The Jolly Fat Guy Dressed in Red has departed the area. The living room was, for a spell, a sea of colors, tattered by youngsters eagerly tearing into their booty. Within 24 hours, virtually the only remaining sign is the Christmas tree. In a few days, She Who Must Be Obeyed will decree its removal, and the township will come by and take it away.
That’s the natural life cycle of trees: they grow, they die, they become fertilizer for new trees – with a few of them, once a year, adding sparkle to our living rooms and memories to our kids’ Christmases.
The youngsters, upon tearing away the paper coverings from their gifts, received coloring books, toys, makeup, and gift certificates, depending on their age and what was known to Santa and Helpers of their desires. They all seemed happy, but there were some gifts I wish could have been included.
I would like to see our legislature charge the same Marcellus natural gas fee (we can’t call it a tax because Gov. Tom Corbett already promised no new taxes) that other major natural gas producing states charge.
To be sure, the industry is upgrading roads – and building new ones, where necessary – to facilitate its access to the drilling fields. And it is paying us for the timber it is removing from our public forests to make way for drilling pads and pipelines. But I worry about accidents that surely will happen, because they always do, regardless of how carefully and responsibly the drillers pursue their endeavors.
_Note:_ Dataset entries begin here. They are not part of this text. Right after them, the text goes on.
Lemma dropwhile_subseq_mono B w v :
  subseq w v -> subseq (dropwhile B w) (dropwhile B v).
Proof.
elim: v w => [|c v IH] [|x w] // H; first exact: sub0seq.
rewrite [dropwhile B (c :: v)]/=.
case Bc: (B c); last exact: subseq_trans (dropwhile_subseq _ _) H.
case: (eqVneq x c) H => [-> | nxc] H.
  by rewrite /= Bc; apply: IH; rewrite subseq_cons2 in H.
by apply: (IH (x :: w)); rewrite -(subseq_consl_neq _ _ nxc).
Qed.

Lemma dropwhile_cat_all B t s : all B t -> dropwhile B (t ++ s) = dropwhile B s.
Proof. by elim: t => //= c t IH /andP [-> /IH]. Qed.

Lemma dropwhile_split B s : exists2 t, s = t ++ dropwhile B s & all B t.
Proof.
elim: s => [|c s [t E Ht]] /=; first by exists [::].
case Bc: (B c); last by exists [::].
by exists (c :: t); rewrite /= ?Bc -?E.
Qed.

Lemma dropwhile_nil B s : (dropwhile B s == [::]) = all B s.
Proof. by elim: s => //= c s IH; case: (B c). Qed.

Lemma dropwhile_head B c s t : dropwhile B s = c :: t -> ~~ B c.
Proof. by elim: s => //= d s IH; case Bd: (B d) => // - [<-]; rewrite Bd. Qed.

Lemma dropwhile_catr B s t : subseq (dropwhile B (s ++ t)) (dropwhile B s ++ t).
Proof. by elim: s => [|c s IH] /=; [exact: dropwhile_subseq | case: (B c)]. Qed.

Lemma residual_subseq_mono I w v : subseq w v -> subseq (residual I w) (residual I v).
Proof.
elim: I w v => [|[B|a] I IH] w v //= H; first exact: IH (dropwhile_subseq_mono B H).
case: v w H => [|c v] [|x w] //= H; first by case: ifP => _; apply: IH; exact: sub0seq.
case: (eqVneq c a) => [ca | nca]; case: (eqVneq x a) => [xa | xna]; apply: IH => //.
- by move: H; rewrite xa ca eqxx.
- by move: H; rewrite ca (negbTE xna).
- move: H; rewrite xa eq_sym (negbTE nca) => H.
  exact: subseq_trans (subseq_cons w a) (subseq_trans H (subseq_cons v c)).
Qed.

Lemma imem_subseq I w v : subseq w v -> imem I v -> imem I w.
Proof. by move=> /(residual_subseq_mono I) + /eqP E; rewrite /imem E subseq0. Qed.

Lemma residual_cat I1 I2 v : residual (I1 ++ I2) v = residual I2 (residual I1 v).
Proof. by elim: I1 v => [|[B|a] I1 IH] [|c v] //=; case: ifP. Qed.

Lemma residual_catr I s t : subseq (residual I (s ++ t)) (residual I s ++ t).
Proof.
elim: I s t => [|[B|a] I IH] s t /=; first exact: subseq_refl.
  exact: subseq_trans (residual_subseq_mono _ (dropwhile_catr _ _ _)) (IH _ _).
case: s => [|c s] /=; last by case: ifP => _; [exact: IH | exact: (IH (c :: s))].
case: t => [|d t] /=; first by rewrite cats0 subseq_refl.
case: ifP => _; last exact: (IH [::] (d :: t)).
apply: subseq_trans (IH [::] t) _; rewrite subseq_cat2l; exact: subseq_cons.
Qed.

Lemma imem_cat I1 I2 s t : imem I1 s -> imem I2 t -> imem (I1 ++ I2) (s ++ t).
Proof.
rewrite /imem residual_cat => /eqP E1 /eqP E2.
by have := residual_subseq_mono I2 (residual_catr I1 s t); rewrite E1 E2 subseq0.
Qed.

Lemma imem_opt_cons a I v : imem I v -> imem (Opt a :: I) v.
Proof.
rewrite /imem /= => /eqP E; case: v E => [|c v] E; first by rewrite E.
case: ifP => _; last by rewrite E.
by have := residual_subseq_mono I (subseq_cons v c); rewrite E subseq0.
Qed.

Lemma imem_star_cons B I v : imem I v -> imem (Star B :: I) v.
Proof.
move=> /eqP E; have := residual_subseq_mono I (dropwhile_subseq B v).
by rewrite /imem /= E subseq0.
Qed.

Lemma residual_prefix I v : exists2 p, v = p ++ residual I v & imem I p.
Proof.
elim: I v => [|[B|a] I IH] v /=; first by exists [::].
  have [t Et Bt] := dropwhile_split B v; have [p Ep Ip] := IH (dropwhile B v).
  exists (t ++ p); first by rewrite -catA -Ep.
  by rewrite /imem /= dropwhile_cat_all //; apply: imem_subseq (dropwhile_subseq _ _) Ip.
case: v => [|c v]; first by have [p Ep Ip] := IH [::]; exists p; last exact: imem_opt_cons.
case: (eqVneq c a) => [-> | nca]; last first.
  by have [p Ep Ip] := IH (c :: v); exists p; last exact: imem_opt_cons.
by have [p Ep Ip] := IH v; exists (a :: p); rewrite /= -?Ep // /imem /= eqxx.
Qed.

Lemma imem_catP I1 I2 v :
  imem (I1 ++ I2) v -> exists s t, [/\ v = s ++ t, imem I1 s & imem I2 t].
Proof.
have [p Ep Ip] := residual_prefix I1 v.
by rewrite /imem residual_cat => H; exists p, (residual I1 v).
Qed.

Lemma imem_star B v : imem [:: Star B] v = all B v.
Proof. by rewrite /imem /= dropwhile_nil. Qed.

Lemma imem_opt a v : imem [:: Opt a] v -> subseq v [:: a].
Proof. by case: v => [|c v] //; rewrite /imem /=; case: (eqVneq c a) => [->|]. Qed.

Lemma imem_map_opt s : imem (map Opt s) s.
Proof. by elim: s => //= a s IH; rewrite /imem /= eqxx. Qed.

Lemma imem_map_optP s v : imem (map Opt s) v -> subseq v s.
Proof.
elim: s v => [|a s IH] v; first by rewrite /imem /= => /eqP ->.
move=> /(@imem_catP [:: Opt a]) [v1 [v2 [-> /imem_opt H1 /IH H2]]].
by rewrite -cat1s cat_subseq.
Qed.

Lemma imem_cons X I v : imem (X :: I) v = imem I (residual [:: X] v).
Proof. by rewrite /imem -residual_cat. Qed.

Lemma residual1_nil X : residual [:: X] [::] = [::].
Proof. by case: X. Qed.

Lemma subseq_cons_tail c t w :
  subseq w (c :: t) -> exists w', [/\ subseq w (c :: w'), subseq w' t & size w' <= size w].
Proof.
case: w => [|x w]; first by exists [::]; rewrite !sub0seq.
case: (eqVneq x c) => [-> | nxc]; first by rewrite subseq_cons2; exists w.
rewrite subseq_consl_neq // => H; exists (x :: w).
by rewrite subseq_consl_neq // subseq_refl.
Qed.

Lemma witness_head X I v c t w :
  subseq (c :: t) v -> (forall z, residual [:: X] (c :: z) = c :: z) ->
  subseq w (c :: t) -> ~~ imem I w ->
  exists w', [/\ subseq w' v, size w' <= (size w).+1 & ~~ imem (X :: I) w'].
Proof.
move=> ctv Xc /subseq_cons_tail [w' [ww' w't Sw']] NIw.
exists (c :: w'); split => //; first by apply: subseq_trans ctv; rewrite subseq_cons2.
by rewrite imem_cons Xc; apply: contra NIw; apply: imem_subseq.
Qed.

Lemma witness_cons X I v w : subseq w (residual [:: X] v) -> ~~ imem I w ->
  exists w', [/\ subseq w' v, size w' <= (size w).+1 & ~~ imem (X :: I) w'].
Proof.
case: w => [|x w] Hw NIw; first by exists [::]; rewrite sub0seq imem_cons residual1_nil.
case: X Hw => [B|a] /= Hw.
  case E: (dropwhile B v) Hw => [|c t] Hw //; apply: (witness_head _ _ Hw NIw).
    by rewrite -E dropwhile_subseq.
  by move=> z /=; rewrite (negbTE (dropwhile_head E)).
case: v Hw => [|b v] // Hw; case: (eqVneq b a) => [eba | nba].
  have {}Hw : subseq (x :: w) v by move: Hw; rewrite /= eba eqxx.
  by exists (a :: x :: w); rewrite eba subseq_cons2 imem_cons /= eqxx; split.
have {}Hw : subseq (x :: w) (b :: v) by move: Hw; rewrite /= (negbTE nba).
apply: (witness_head _ _ Hw NIw); first exact: subseq_refl.
by move=> z /=; rewrite (negbTE nba).
Qed.

Lemma not_imem_witness I v :
  ~~ imem I v -> exists w, [/\ subseq w v, size w <= (size I).+1 & ~~ imem I w].
Proof.
elim: I v => [|X I IH] v.
  by case: v => [|c v] // _; exists [:: c]; rewrite sub1seq mem_head.
rewrite imem_cons => /IH [w [Hw Sw NIw]]; have [w' [H1 H2 H3]] := witness_cons Hw NIw.
by exists w'; split => //; apply: leq_trans H2 _.
Qed.

Lemma imem_simn I n u v : size I < n -> simn n u v -> imem I u -> imem I v.
Proof.
move=> In uv Iu; apply/negPn/negP => /not_imem_witness [w [wv Sw NIw]].
by move: NIw; rewrite (imem_subseq _ Iu) // uv //; apply: leq_trans Sw In.
Qed.

Lemma PT_ideal_cover n (L : lang A) :
  (forall v, L v -> exists I, [/\ size I < n, imem I v & forall y, imem I y -> L y]) ->
  PT n L.
Proof.
move=> cover u v uv; split=> /cover [I [In Iuv IL]]; apply: IL.
  exact: imem_simn uv Iuv.
by apply: (imem_simn In _ Iuv) => w Sw; rewrite uv.
Qed.

Definition ideal_below (L : lang A) I :=
  forall y, imem I y -> exists2 x, L x & subseq y x.

Definition ideal_strictly_below (L : lang A) I :=
  forall y, imem I y -> exists x, [/\ L x, subseq y x & size y < size x].

Lemma PT_dclosure n (L : lang A) :
  (forall u, L u -> exists I, [/\ size I < n, imem I u & ideal_below L I]) ->
  PT n (dclosure L).
Proof.
move=> cover; apply: PT_ideal_cover => v [u [Lu vu]].
have [I [In Iu IL]] := cover u Lu; exists I; split => // [|y /IL [x Lx yx]].
  exact: imem_subseq Iu.
by exists x.
Qed.

Lemma subseq_strict_size v u : subseq v u -> v != u -> size v < size u.
Proof. by move=> /size_subseq_leqif /leqifP; case: eqP. Qed.

Lemma PT_sdclosure n (L : lang A) :
  (forall u, L u -> size u <= n \/
     exists I, [/\ size I < n, imem I u & ideal_strictly_below L I]) ->
  PT n (sdclosure L).
Proof.
move=> cover; apply: PT_ideal_cover => v [u [Lu [vu nvu]]].
have vu_lt := subseq_strict_size vu nvu.
case: (cover u Lu) => [Su | [I [In Iu IL]]].
  exists (map Opt v); rewrite size_map imem_map_opt; split => //.
    exact: leq_trans vu_lt Su.
  move=> y /imem_map_optP yv; exists u; split => //; split; first exact: subseq_trans yv vu.
  by apply/eqP => yu; move: (size_subseq yv); rewrite yu leqNgt vu_lt.
exists I; split => //; first exact: imem_subseq Iu.
move=> y /IL [x [Lx yx Syx]]; exists x; split => //; split => //.
by apply/eqP => yx'; move: Syx; rewrite yx' ltnn.
Qed.

Lemma ideal_below_sub (L L' : lang A) I :
  (forall x, L x -> L' x) -> ideal_below L I -> ideal_below L' I.
Proof. by move=> LL' IL y /IL [x /LL' Lx yx]; exists x. Qed.

Lemma ideal_strictly_below_sub (L L' : lang A) I :
  (forall x, L x -> L' x) -> ideal_strictly_below L I -> ideal_strictly_below L' I.
Proof. by move=> LL' IL y /IL [x [/LL' Lx yx Syx]]; exists x. Qed.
And I worry about the cost to the state’s taxpayers when the drilling is over and the owners of the multitude of new motels, built to accommodate the visiting drill rig workers, are begging for tourism promotion money to help fill the newly-emptied rooms. And, with reason based on history, I wonder about the eventual effects of our blasting fractures in geologic structures a mile-and-a-half beneath our homes and businesses.
It would have been nice for the grandkids’ gifts to have included vouchers for education and environmental repairs that would have been marked “Paid in Full.”
I would like my grandkids to have jobs making things, such as solar panels and other non-fossil fuel energy sources for their homes and businesses. I know we cannot switch from oil to sunlight overnight, but …
The Pittsburgh Tribune-Review reported earlier this month that several banks well-known for their parts in the 2008 economic bust – Goldman Sachs, Morgan Stanley, and Lehman Brothers among them – fronted $6.5 billion to help seven Chinese startup solar panel makers gain entry to the New York Stock Exchange and NASDAQ. The result was more than 1,100 U.S. jobs killed when Solyndra, a California-based solar panel maker, filed bankruptcy and closed its doors this fall.
Solyndra was not the only U.S. casualty, only the most publicized.
Meanwhile, our lawmakers provide “waivers” to companies such as Sunoco, which otherwise would be required by law to use U.S. ships and crews to haul natural gas between Pennsylvania and Louisiana. Sen. Pat Toomey, R-Pa., touted the waiver as a job creator but in fact it will allow Sunoco to build a tanker loading facility in Marcus Hook, Pa. that will require only 25 full-time workers to operate.
On the other hand, I have faith in our free market system of government to solve our grandkids’ problems. It will come up with solutions as soon as the problems it has helped us create become severe enough that we’re willing to pay to have them resolved.